Inside the new bookstore section of the lobby at the Transamerica Pyramid in San Francisco, Calif. on December 14, 2023. ADAM PARDEE
The developer cinched city approval for the second phase of renovations Dec. 14; it expects to finish construction in 2026. City planning staff wrote that the improvements to Mark Twain Alley, where Shvo wants to create a new open space, would deliver one of the only ground-level public open spaces in downtown San Francisco with “extensive greenery.”\
Landmark office buildings like the Transamerica Pyramid often appeal to tenants in sectors like law, private equity and venture capital, said Alexander Quinn, senior director of research for Northern California at real estate services firm JLL — that is, tenants who tend to seek out “higher-profile space” and are willing to pay up for it. JLL’s Chris Roeder, Carlye Parker and Matt Shewey are handling leasing in the building.

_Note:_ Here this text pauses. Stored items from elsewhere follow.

(* Let $v=(x,y)\in T$ be a point with at least one irrational coordinate. Then $G^k(v)\neq(0,0)$ for all $k\ge0$, so its itinerary is defined, and: the itinerary of $v$ consists only of symbols of type $\mathbb{A}$ if and only if $y = 0$. Moreover, if the itinerary is $\mathbb{A}_{a_1},\mathbb{A}_{a_2},\dots$, then $x = [0;a_1,a_2,\dots]$ (regular continued fraction).
   Context: Let $T = \{(x,y)\in\mathbb{R}^2 : 0 \le y \le x \le 1\}$. For integers $n\ge1$ define $\mathbb{A}_n = \{(x,y) : \frac{1}{n+1} < x \le \frac1n,\ 0 \le y \le 1-nx\}$ and $\mathbb{B}_n = \{(x,y) : 1-nx < y \le x \le \frac1n\}$; these together with $\{(0,0)\}$ partition $T$. The 2-dimensional Gauss map $G:T\to T$ is $G(0,0)=(0,0)$, $G(x,y)=\left(\frac1x-n,\frac yx\right)$ on $\mathbb{A}_n$, $G(x,y)=\left(\frac{1-y}{x}-n+1,\frac{x-y}{x}\right)$ on $\mathbb{B}_n$. For a point $v$ whose forward orbit never hits $(0,0)$, its itinerary is the sequence of symbols $\mathbb{X}_{a_1},\mathbb{X}_{a_2},\dots$ ($\mathbb{X}\in\{\mathbb{A},\mathbb{B}\}$, $a_k\ge1$) with $G^{k-1}(v)\in\mathbb{X}_{a_k}$ for all $k\ge1$. *)

From Stdlib Require Import Reals Lra Lia ZArith.
Open Scope R_scope.

Definition inT (p : R * R) : Prop :=
  0 <= snd p /\ snd p <= fst p /\ fst p <= 1.

Definition inA (n : nat) (p : R * R) : Prop :=
  / (INR n + 1) < fst p /\ fst p <= / INR n /\
  0 <= snd p /\ snd p <= 1 - INR n * fst p.

Definition inB (n : nat) (p : R * R) : Prop :=
  1 - INR n * fst p < snd p /\ snd p <= fst p /\ fst p <= / INR n.

(* The index n = floor(1/x) of the strip 1/(n+1) < x <= 1/n (for 0 < x <= 1). *)
Definition strip (x : R) : nat := Z.to_nat (up (/ x) - 1).

Definition G (p : R * R) : R * R :=
  let (x, y) := p in
  if Req_EM_T x 0 then (0, 0) else
  let n := INR (strip x) in
  if Rle_dec y (1 - n * x) then (/ x - n, y / x)
  else ((1 - y) / x - n + 1, (x - y) / x).

Fixpoint Giter (k : nat) (p : R * R) : R * R :=
  match k with
  | O => p
  | S k' => G (Giter k' p)
  end.

Inductive symbol : Type := SymA (n : nat) | SymB (n : nat).

Definition in_symbol (s : symbol) (p : R * R) : Prop :=
  match s with
  | SymA n => (1 <= n)%nat /\ inA n p
  | SymB n => (1 <= n)%nat /\ inB n p
  end.

Definition is_A (s : symbol) : Prop :=
  match s with SymA _ => True | SymB _ => False end.

(* s is the itinerary of v: s k is the symbol X_{a_{k+1}} with G^k(v) in it. *)
Definition is_itinerary (v : R * R) (s : nat -> symbol) : Prop :=
  forall k : nat, in_symbol (s k) (Giter k v).

Definition rational (r : R) : Prop :=
  exists p q : Z, q <> 0%Z /\ r = IZR p / IZR q.

(* Finite continued fraction [0; a 0, a 1, ..., a (n-1)]. *)
Fixpoint cf_fin (n : nat) (a : nat -> nat) : R :=
  match n with
  | O => 0
  | S n' => / (INR (a O) + cf_fin n' (fun k => a (S k)))
  end.

Definition cf_value (a : nat -> nat) (x : R) : Prop :=
  Un_cv (fun n => cf_fin n a) x.

(* A point with an irrational coordinate keeps one under G, since each branch
   of G is inverted by rational formulas; in particular its orbit never reaches
   the vertex x = 0 and stays in the cells A_n, B_n.  On A_n the product
   x * G(x,y)_1 = 1 - n x is at most 1/2, so two consecutive A-steps at least
   double the second coordinate, which stays in [0,1]: an all-A orbit forces
   y = 0.  Conversely y = 0 is preserved by G, while every B-cell has y > 0.
   Along an all-A orbit the first coordinate follows the Gauss map, so
   x = [0; a_1, ..., a_n + x_n]; as t |-> 1 / (a + t) contracts by 1/4 over two
   steps on [0,1], the convergents [0; a_1, ..., a_n] tend to x. *)
From Stdlib Require Import Reals Lra Lia ZArith.
Open Scope R_scope.

Lemma INR_ge_1 (m : nat) : (1 <= m)%nat -> 1 <= INR m.
Proof. intro Hm. apply (le_INR 1 m) in Hm. simpl in Hm. exact Hm. Qed.

Lemma strip_bounds (x : R) : 0 < x <= 1 ->
  (1 <= strip x)%nat /\ / (INR (strip x) + 1) < x /\ x <= / INR (strip x).
Proof.
  intros [Hx0 Hx1].
  destruct (archimed (/ x)) as [Hup1 Hup2].
  assert (Hinv : 1 <= / x) by (rewrite <- Rinv_1; apply Rinv_le_contravar; lra).
  assert (Hz : (1 < up (/ x))%Z) by (apply lt_IZR; simpl; lra).
  assert (Hn : INR (strip x) = IZR (up (/ x)) - 1).
  { unfold strip. rewrite INR_IZR_INZ, Z2Nat.id by lia. apply minus_IZR. }
  assert (Hs : (1 <= strip x)%nat) by (unfold strip; lia).
  split; [exact Hs|]. rewrite Hn.
  split.
  - rewrite <- (Rinv_inv x) at 2.
    apply Rinv_lt_contravar; [apply Rmult_lt_0_compat|]; lra.
  - rewrite <- (Rinv_inv x) at 1. apply Rinv_le_contravar; lra.
Qed.

Lemma strip_eq (m : nat) (x : R) :
  (1 <= m)%nat -> / (INR m + 1) < x -> x <= / INR m -> strip x = m.
Proof.
  intros Hm Hlo Hhi.
  assert (Hm1 := INR_ge_1 m Hm).
  assert (Hx : 0 < x) by (assert (0 < / (INR m + 1)) by (apply Rinv_0_lt_compat; lra); lra).
  assert (Hlo' : INR m <= / x).
  { rewrite <- (Rinv_inv (INR m)). apply Rinv_le_contravar; assumption. }
  assert (Hhi' : / x < INR m + 1).
  { rewrite <- (Rinv_inv (INR m + 1)).
    apply Rinv_lt_contravar; [apply Rmult_lt_0_compat|]; auto.
    apply Rinv_0_lt_compat; lra. }
  assert (Hup : (Z.of_nat m + 1)%Z = up (/ x)).
  { apply tech_up; rewrite plus_IZR, <- INR_IZR_INZ; simpl; lra. }
  unfold strip. rewrite <- Hup, Z.add_simpl_r. apply Nat2Z.id.
Qed.

Lemma inv_le_mult (n : nat) (x : R) : (1 <= n)%nat -> x <= / INR n -> INR n * x <= 1.
Proof.
  intros Hn Hx. assert (Hn1 := INR_ge_1 n Hn).
  apply (Rmult_le_compat_l (INR n)) in Hx; [|lra].
  rewrite Rinv_r in Hx; lra.
Qed.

Shvo said in mid-December it has done “multiple” lease deals over $200 per square foot — some as high as $275 per square foot — and expects that its next deal will come in around $300 per square foot. Based on top rents achieved, those rates make the building the second-most expensive in the country, per data from JLL, behind only Manhattan’s 425 Park Ave. “Trophy” rents in San Francisco typically clock in anywhere from $100 to $125 per square foot.
“Transamerica definitely has its own cachet, and as that gets reenvisioned, we imagine it’ll only build on that as a landmark building,” Quinn said. Among the other San Francisco office properties that fall into the same exclusive category: Salesforce Tower, One Market, Four Embarcadero Center, and 555 California St.
“They’re iconic enough where you could say, ‘I’m at this building,’ and most people would know what you were talking about,” Quinn said, adding many of those properties also offer high-touch services like fitness space, valet parking and other tenant-exclusive amenities. Shvo, for one, plans a tenants-only bar on the Pyramid’s top floor.
Transamerica Pyramid TODD JOHNSON | SAN FRANCISCO BUSINESS TIMES
The firm’s vision for Transamerica is somewhat reminiscent of Manhattan’s Empire State Building — another office property that has become a symbol of its city and a bustling tourist destination. Shvo says he takes no offense to the categorization: Tourists, he said, flock to see and experience things that they can’t find in other places.
“I think that’s what we set out to do. You can’t get this anywhere else, even not in New York,” Shvo said, looking out over the redwood grove. He hesitated. “I mean, you have Central Park. But I don’t own Central Park.”
Correction/Clarification
An earlier version of this article misstated the timeline for construction at 545 Sansome. It is due to be completed by 2026.